Datensatz

Zusammenfassung

Copper-based catalysts are established catalytic systems for the electrocatalytic CO2 reduction reaction (CO2RR), where wasteful CO2 is converted into valuable industrial resources, such as energy-dense C2+ products, using energy from renewable sources. However, better control over the catalyst selectivity, especially at industrially relevant high current density conditions is needed to expedite the economically viability of the CO2RR. For this purpose, bimetallic materials, where copper is combined with a secondary metal, comprise a promising and a highly tunable catalyst for CO2RR. However, the synergy between copper and the selected secondary metal species, the evolution of the bimetallic structural motifs under working conditions and the effect of the secondary metal on the kinetics of the Cu redox behavior require careful investigation. Here, we employ operando quick X-ray absorption spectroscopy (QXAFS), coupled with machine-learning based data analsysis and surface-enhanced Raman spectroscopy (SERS) to investigate the time-dependent chemical and structural changes in catalysts derived from shape-selected Zn/Cu2O nanocubes under CO2RR conditions at current densities up to -500 mA/cm2. We furthermore relate the transformation observed under working conditions to the catalytic activity and selectivity and correlate potential-dependent surface and subsurface processes.
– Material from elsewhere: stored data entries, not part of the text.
Lemma cohom_trivial_act Q G A B g n f : is_module act G -> Q \subset G -> g \in G ->
  (forall t, A t -> A (act t g)) -> (forall t, B t -> B (act t g)) ->
  cohom_trivial act Q A B n f -> cohom_trivial act (Q :^ g)%G A B n (cohom_act act g f).
Proof.
move=> modG sQG Gg Ag Bg; case: n => [|n]; first exact: cochain_on_act.
case=> h [hA fhB]; exists (cohom_act act g h); split; first exact: cochain_on_act.
move=> s sz_s Qgs; rewrite /cdiff (coboundary_cohom_act modG Gg) ?(all_conjg_sub sQG Gg Qgs) //.
by rewrite -/(cdiff _ _ s) (cohom_act_cdiff modG Gg); apply: (cochain_on_act Bg fhB).
Qed.

Lemma in_img_act Q G A B A' B' g n z : is_module act G -> Q \subset G -> g \in G ->
  (forall t, A t -> A (act t g)) -> (forall t, B t -> B (act t g)) ->
  (forall t, A' t -> A' (act t g)) -> (forall t, B' t -> B' (act t g)) ->
  in_img act Q A B A' B' n z -> in_img act (Q :^ g)%G A B A' B' n (cohom_act act g z).
Proof.
move=> modG sQG Gg Ag Bg A'g B'g [f Zf zf]; exists (cohom_act act g f).
  exact: (cocycle_act modG sQG Gg A'g B'g Zf).
by rewrite (cohom_act_cdiff modG Gg); apply: (cohom_trivial_act modG sQG Gg Ag Bg zf).
Qed.

Section ActionStable.
Variables (G : {group gT}) (g : gT).
Hypotheses (modG : is_module act G) (Gg : g \in G).

Lemma zeroT_act t : zeroT T t -> zeroT T (act t g).
Proof. by move->; apply: (morph0 (act_morph modG Gg)). Qed.

Lemma multiples_act N t : multiples T N t -> multiples T N (act t g).
Proof. by case=> u ->; exists (act u g); apply: (morphMn (act_morph modG Gg)). Qed.

Lemma Im_pro_act p r Q n z : Q \subset G ->
  Im_pro act p r Q n z -> Im_pro act p r (Q :^ g)%G n (cohom_act act g z).
Proof.
move=> sQG [Zz Iz]; split.
  exact: (cocycle_act modG sQG Gg (fun _ _ => I) (@multiples_act _) Zz).
exact: (in_img_act modG sQG Gg (fun _ _ => I) (@multiples_act _) (fun _ _ => I)
                   (@zeroT_act) Iz).
Qed.
(* Second case: v is the deepest vaccinated ancestor of u.  Outcome by
   outcome, gain + c 1{v immune} = c 1{u immune}; integrate and solve. *)
Lemma reward_increment_deepest_ancestor (S : {set V}) (u v : V) :
  u \notin S -> v \in S :&: anc par u ->
  (forall v', v' \in S :&: anc par u -> (depth par v' <= depth par v)%N) ->
  (r (u |: S) - r S = (unshielded par S u)%:R%:E *
     (P [set w | immune w u] - P [set w | immune w v]))%E.
Proof.
move=> uS v_anc v_deepest; set c := unshielded par S u.
have balance : (\int[P]_w (gain par (immune w) S u)%:R%:E +
    c%:R%:E * P [set w | immune w v] = c%:R%:E * P [set w | immune w u])%E.
  rewrite -!integral_immune -ge0_integralD //; last exact/measurable_EFinP/measurable_gain.
  apply: ae_eq_integral => //.
    by apply: emeasurable_funD => //; apply/measurable_EFinP/measurable_gain.
  apply: filterS X_ge0 => w Xw_ge0 _; rewrite -EFinD -!natrM -natrD.
  by rewrite (gain_deepest_ancestor rooted) //; apply: immune_down_closed.
have P_fin (i : V) : P [set w | immune w i] \is a fin_num.
  by rewrite fin_num_measure //; apply: measurable_immune.
rewrite reward_increment // muleBr ?fin_num_adde_defl ?fin_numN //.
by rewrite -balance addeK // fin_numM.
Qed.

End RewardIncrement.

Theorem mainTheorem3 (R : realType) (V : finType) (s : V) (par : V -> V)
  (lam : R) (d : measure_display) (Omega : measurableType d)
  (P : probability Omega R) (X : edge s -> {RV P >-> R}) (tau : {RV P >-> R}) :
  is_rooted_tree s par -> 0 < lam ->
  (forall (e : edge s) (A : set R), measurable A ->
     P (X e @^-1` A) = exponential_prob lam A) ->
  (forall w, 0 <= tau w) ->
  mutually_independent P (edges_and_tau (fun e => X e : Omega -> R) tau) ->
  forall (S : {set V}) (u : V), u \notin S ->
  let r := reward par P (fun e => X e : Omega -> R) tau in
  let Z := infection_time par (fun e => X e : Omega -> R) in
  let Delta := (r (u |: S) - r S)%E in
  let c := (#|desc par u|%:R - #|(\bigcup_(j in desc par u :&: S) desc par j)%SET|%:R : R) in
  [/\ S :&: anc par u = finset.set0 ->
        Delta = (c%:E * P [set w | (tau w < Z u w)%R])%E,
      forall v : V, v \in S :&: anc par u ->
        (forall v' : V, v' \in S :&: anc par u -> (depth par v' <= depth par v)%N) ->
        Delta = (c%:E * (P [set w | (tau w < Z u w)%R] - P [set w | (tau w < Z v w)%R]))%E
    & (0 <= Delta)%E].
Proof.
move=> rooted _ law_X _ _ S u uS r Z Delta c.
have X_ge0 : {ae P, forall w e, 0 <= X e w}.
  by apply: filter_forall => e; apply: exponential_ae_ge0 (law_X e).
rewrite /c -(unshielded_natr rooted); split.
- exact: reward_increment_no_ancestor.
- by move=> v; apply: reward_increment_deepest_ancestor.
- rewrite /Delta /r reward_increment //.
  by apply: integral_ge0 => w _; rewrite lee_fin.
Qed.
(* For $i=1,2$ let $1\to K_i\xrightarrow{\iota_i}A_i\xrightarrow{\pi_i}H_i\to1$ be exact sequences of Hopf algebras such that $\iota_i(K_i)=\mathcal{HZ}(A_i)$. Suppose $\omega:A_1\to A_2$ is a Hopf algebra isomorphism. Then there exist Hopf algebra isomorphisms $\underline\omega:K_1\to K_2$ and $\overline\omega:H_1\to H_2$ such that $\iota_2\underline\omega=\omega\iota_1$ and $\pi_2\omega=\overline\omega\pi_1$.
   Context: Hopf algebras over a field $k$, with bijective antipode. A sequence $1\to B\xrightarrow{\iota}A\xrightarrow{\pi}H\to1$ of Hopf algebra maps is exact if $\iota$ is injective, $\pi$ surjective, $\operatorname{Ker}\pi=AB^+$ ($B^+=\operatorname{Ker}\varepsilon$) and $B={}^{\mathrm{co}\,\pi}A=\{a:(\pi\otimes\mathrm{id})\Delta(a)=1\otimes a\}$. The Hopf center $\mathcal{HZ}(A)$ is the maximal central Hopf subalgebra of $A$. *)

From HB Require Import structures.
From mathcomp Require Import all_boot all_order all_algebra.
Set Implicit Arguments.
Unset Strict Implicit.
Unset Printing Implicit Defensive.
Import Order.TTheory GRing.Theory.
Local Open Scope ring_scope.

(* MathComp has no tensor product, so an
   element of U (x) V is represented by a finite list of pure tensors
   [:: (u_1, v_1); ...] (meaning sum_i u_i (x) v_i), and two such lists are
   identified when they represent the same element of U (x) V.  Over a field,
   the canonical map U (x) V -> dual of (dual U tensor dual V) (bilinear forms on dual pairs) is
   injective, so two representatives are equal in U (x) V iff they agree
   against every pair of linear functionals. *)

Section Tensors.
Variable k : fieldType.

Definition tpair (U V : lmodType k) (f : {scalar U}) (g : {scalar V})
  (t : seq (U * V)) : k := \sum_(p <- t) f p.1 * g p.2.

Definition teq (U V : lmodType k) (t u : seq (U * V)) : Prop :=
  forall (f : {scalar U}) (g : {scalar V}), tpair f g t = tpair f g u.

Definition teq3 (U V W : lmodType k) (t u : seq (U * V * W)) : Prop :=
  forall (f : {scalar U}) (g : {scalar V}) (h : {scalar W}),
    \sum_(p <- t) f p.1.1 * g p.1.2 * h p.2
    = \sum_(p <- u) f p.1.1 * g p.1.2 * h p.2.

Definition tin (U V : lmodType k) (P : U -> Prop) (Q : V -> Prop)
  (t : seq (U * V)) : Prop :=
  exists u : seq (U * V), (forall p, p \in u -> P p.1 /\ Q p.2) /\ teq t u.

Definition klinear (U V : lmodType k) (f : U -> V) : Prop :=
  forall (a : k) (x y : U), f (a *: x + y) = a *: f x + f y.

Definition tmap (U V U' V' : Type) (f : U -> U') (g : V -> V')
  (t : seq (U * V)) : seq (U' * V') := [seq (f p.1, g p.2) | p <- t].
We report that the addition of Zn to a Cu-based catalyst has crucial impact on the kinetics of subsurface processes, while redox processes of the Cu surface layer remain largely unaffected. Interestingly, the presence of Zn was found to contribute to the stabilization of cationic Cu(I) species, which is of catalytic relevance since Cu(0)/Cu(I) interfaces have been reported beneficial for the efficient CO2 conversion to complex multicarbon products. At the same time, we attribute the increase of the C2+ product selectivity to the formation of Cu-rich CuZn alloys in samples with low Zn content, while Zn-rich alloy phases result in an increased formation of CO paralleled by an increase of the parasitic hydrogen evolution reaction.